(* [lin_stat n pr v ts d i] is the conditional expectation of [lin_stat n pr v [] d i]
   once the coordinates listed in [ts] are integrated out. *)
Definition mixed_outcome (pr : nat -> nat -> nat -> R) ts (d : outcome) i j k : R :=
  if tmem (i, j, k) ts then pr i j k else b2r (d i j k).

Definition lin_stat n pr (v : nat -> nat -> nat -> R) ts d i : R :=
  sumn n (fun j => sumn n (fun k => mixed_outcome pr ts d i j k * v i j k)).

Lemma lin_stat_upd n pr v ts i0 j0 k0 x d i : (j0 < n)%nat -> (k0 < n)%nat -> ~ In (i0, j0, k0) ts ->
  lin_stat n pr v ts (upd d (i0, j0, k0) x) i =
  lin_stat n pr v ((i0, j0, k0) :: ts) d i
  + (if Nat.eqb i i0 then (b2r x - pr i0 j0 k0) * v i0 j0 k0 else 0).
Proof.
  intros Hj Hk Hn. unfold lin_stat.
  rewrite <- (sumn2_delta n j0 k0 (if Nat.eqb i i0 then (b2r x - pr i0 j0 k0) * v i0 j0 k0 else 0))
    by assumption.
  assert (Hm : tmem (i0, j0, k0) ts = false)
    by (destruct (tmem (i0, j0, k0) ts) eqn:E; [apply tmem_In in E; contradiction | reflexivity]).
  apply sumn_ext; intros j _; apply sumn_ext; intros k _.
  unfold mixed_outcome, upd, tmem; simpl existsb; fold (tmem (i, j, k) ts).
  destruct (Nat.eqb_spec i i0), (Nat.eqb_spec j j0), (Nat.eqb_spec k k0); simpl; subst;
    try rewrite Hm; try ring; destruct (tmem _ ts); ring.
Qed.

(* Pythagoras: the Bernoulli steps are independent and centred. *)
Lemma expect_sumsq_lin_stat n pr v ts : NoDup ts ->
  (forall i j k, In (i, j, k) ts -> (i < n /\ j < n /\ k < n)%nat) -> forall d,
  expect pr ts (fun d => sumn n (fun i => lin_stat n pr v [] d i ^ 2)) d =
  sumn n (fun i => lin_stat n pr v ts d i ^ 2) + lsum (vterm pr v) ts.
Proof.
  induction ts as [|[[i0 j0] k0] ts IH]; intros Hnd Hr d; [simpl; ring|].
  inversion Hnd as [|? ? Hnotin Hnd']; subst. rewrite expect_cons.
  destruct (Hr i0 j0 k0 (or_introl eq_refl)) as [Hi [Hj Hk]].
  rewrite !IH by (auto; intros; apply Hr; simpl; auto).
  assert (Hupd : forall x, sumn n (fun i => lin_stat n pr v ts (upd d (i0, j0, k0) x) i ^ 2)
    = sumn n (fun i => lin_stat n pr v ((i0, j0, k0) :: ts) d i ^ 2)
      + (2 * lin_stat n pr v ((i0, j0, k0) :: ts) d i0 * ((b2r x - pr i0 j0 k0) * v i0 j0 k0)
         + ((b2r x - pr i0 j0 k0) * v i0 j0 k0) ^ 2)).
  { intros x. rewrite <- sumsq_add_delta by exact Hi.
    apply sumn_ext; intros i _. now rewrite lin_stat_upd. }
  rewrite !Hupd.
  change (lsum (vterm pr v) ((i0, j0, k0) :: ts)) with (vterm pr v (i0, j0, k0) + lsum (vterm pr v) ts).
  unfold vterm, b2r. ring.
Qed.

Lemma lsum_app g l1 l2 : lsum g (l1 ++ l2) = lsum g l1 + lsum g l2.
Proof. induction l1 as [|t l1 IH]; simpl; [ring|]. rewrite IH; ring. Qed.

Lemma lsum_flat_map_seq g (f : nat -> list (nat * nat * nat)) n :
  lsum g (flat_map f (seq 0 n)) = sumn n (fun i => lsum g (f i)).
Proof.
  induction n as [|n IH]; [reflexivity|].
  rewrite seq_S, flat_map_app, lsum_app, IH. simpl. rewrite app_nil_r. reflexivity.
Qed.

Lemma lsum_map_seq g (f : nat -> nat * nat * nat) n :
  lsum g (map f (seq 0 n)) = sumn n (fun k => g (f k)).
Proof.
  induction n as [|n IH]; [reflexivity|].
  rewrite seq_S, map_app, lsum_app, IH. simpl. ring.
Qed.

Lemma lsum_triples n g :
  lsum g (triples n) = sumn n (fun i => sumn n (fun j => sumn n (fun k => g (i, j, k)))).
Proof.
  unfold triples. rewrite lsum_flat_map_seq. apply sumn_ext; intros i _.
  rewrite lsum_flat_map_seq. apply sumn_ext; intros j _. apply lsum_map_seq.
Qed.

Lemma In_triples n i j k : In (i, j, k) (triples n) <-> (i < n /\ j < n /\ k < n)%nat.
Proof.
  unfold triples. rewrite in_flat_map. split.
  - intros [i' [Hi' H]]. rewrite in_flat_map in H. destruct H as [j' [Hj' H]].
    rewrite in_map_iff in H. destruct H as [k' [E Hk']]. injection E as -> -> ->.
    apply in_seq in Hi', Hj', Hk'. lia.
  - intros (Hi & Hj & Hk). exists i; split; [apply in_seq; lia|]. rewrite in_flat_map.
    exists j; split; [apply in_seq; lia|]. rewrite in_map_iff. exists k; split; [reflexivity|].
    apply in_seq; lia.
Qed.

Lemma NoDup_flat_map_disjoint {A B} (f : A -> list B) l : NoDup l -> (forall x, NoDup (f x)) ->
  (forall x y z, In z (f x) -> In z (f y) -> x = y) -> NoDup (flat_map f l).
Proof.
  intros Hl Hf Hd. induction l as [|x l IH]; simpl; [constructor|].
  inversion Hl as [|? ? Hx Hl']; subst. apply NoDup_app; auto.
  intros z Hz Hz'. apply in_flat_map in Hz'. destruct Hz' as [y [Hy Hz']].
  rewrite (Hd x y z Hz Hz') in Hx. contradiction.
Qed.

Lemma NoDup_triples n : NoDup (triples n).
Proof.
  unfold triples. apply NoDup_flat_map_disjoint; [apply seq_NoDup| |].
  - intros i. apply NoDup_flat_map_disjoint; [apply seq_NoDup| |].
    + intros j. apply NoDup_map_NoDup_ForallPairs; [|apply seq_NoDup].
      intros x y _ _ H; injection H; auto.
    + intros x y z H1 H2. apply in_map_iff in H1, H2.
      destruct H1 as [? [<- _]], H2 as [? [E _]]. injection E; auto.
  - intros x y z H1 H2. apply in_flat_map in H1, H2.
    destruct H1 as [? [_ H1]], H2 as [? [_ H2]]. apply in_map_iff in H1, H2.
    destruct H1 as [? [<- _]], H2 as [? [E _]]. injection E; auto.
Qed.

Definition ipw (p : R) : R := if Rlt_dec 0 p then / p else 0.

Lemma Rmin_lt_1 y : Rmin y 1 < 1 -> Rmin y 1 = y.
Proof. unfold Rmin; destruct (Rle_dec y 1); lra. Qed.

Section InverseProbabilityWeight.
Variables num K : R.
Hypothesis K_pos : 0 < K.
Hypothesis num_nonneg : 0 <= num.
Let p := Rmin (num / K) 1.

Lemma ipw_range : 0 <= p <= 1.
Proof.
  split; [|apply Rmin_r]. unfold p, Rmin. destruct (Rle_dec _ _); [|lra].
  apply Rle_mult_inv_pos; lra.
Qed.

Lemma ipw_interior : 0 < p < 1 -> 0 < num /\ ipw p = K / num.
Proof.
  intros Hp. assert (Hpe : p = num / K) by (apply Rmin_lt_1, Hp).
  assert (0 < num) by (destruct num_nonneg as [|<-]; [assumption|]; unfold Rdiv in Hpe; lra).
  split; [assumption|]. unfold ipw. destruct (Rlt_dec 0 p); [|lra]. rewrite Hpe. field; lra.
Qed.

> _Required work_
Produce a verbatim copy of the lines from the one holding "Hypothesis K_pos : 0 < K." to the final line of the data, and nothing more.

> _Response below_
Hypothesis K_pos : 0 < K.
Hypothesis num_nonneg : 0 <= num.
Let p := Rmin (num / K) 1.

Lemma ipw_range : 0 <= p <= 1.
Proof.
  split; [|apply Rmin_r]. unfold p, Rmin. destruct (Rle_dec _ _); [|lra].
  apply Rle_mult_inv_pos; lra.
Qed.

Lemma ipw_interior : 0 < p < 1 -> 0 < num /\ ipw p = K / num.
Proof.
  intros Hp. assert (Hpe : p = num / K) by (apply Rmin_lt_1, Hp).
  assert (0 < num) by (destruct num_nonneg as [|<-]; [assumption|]; unfold Rdiv in Hpe; lra).
  split; [assumption|]. unfold ipw. destruct (Rlt_dec 0 p); [|lra]. rewrite Hpe. field; lra.
Qed.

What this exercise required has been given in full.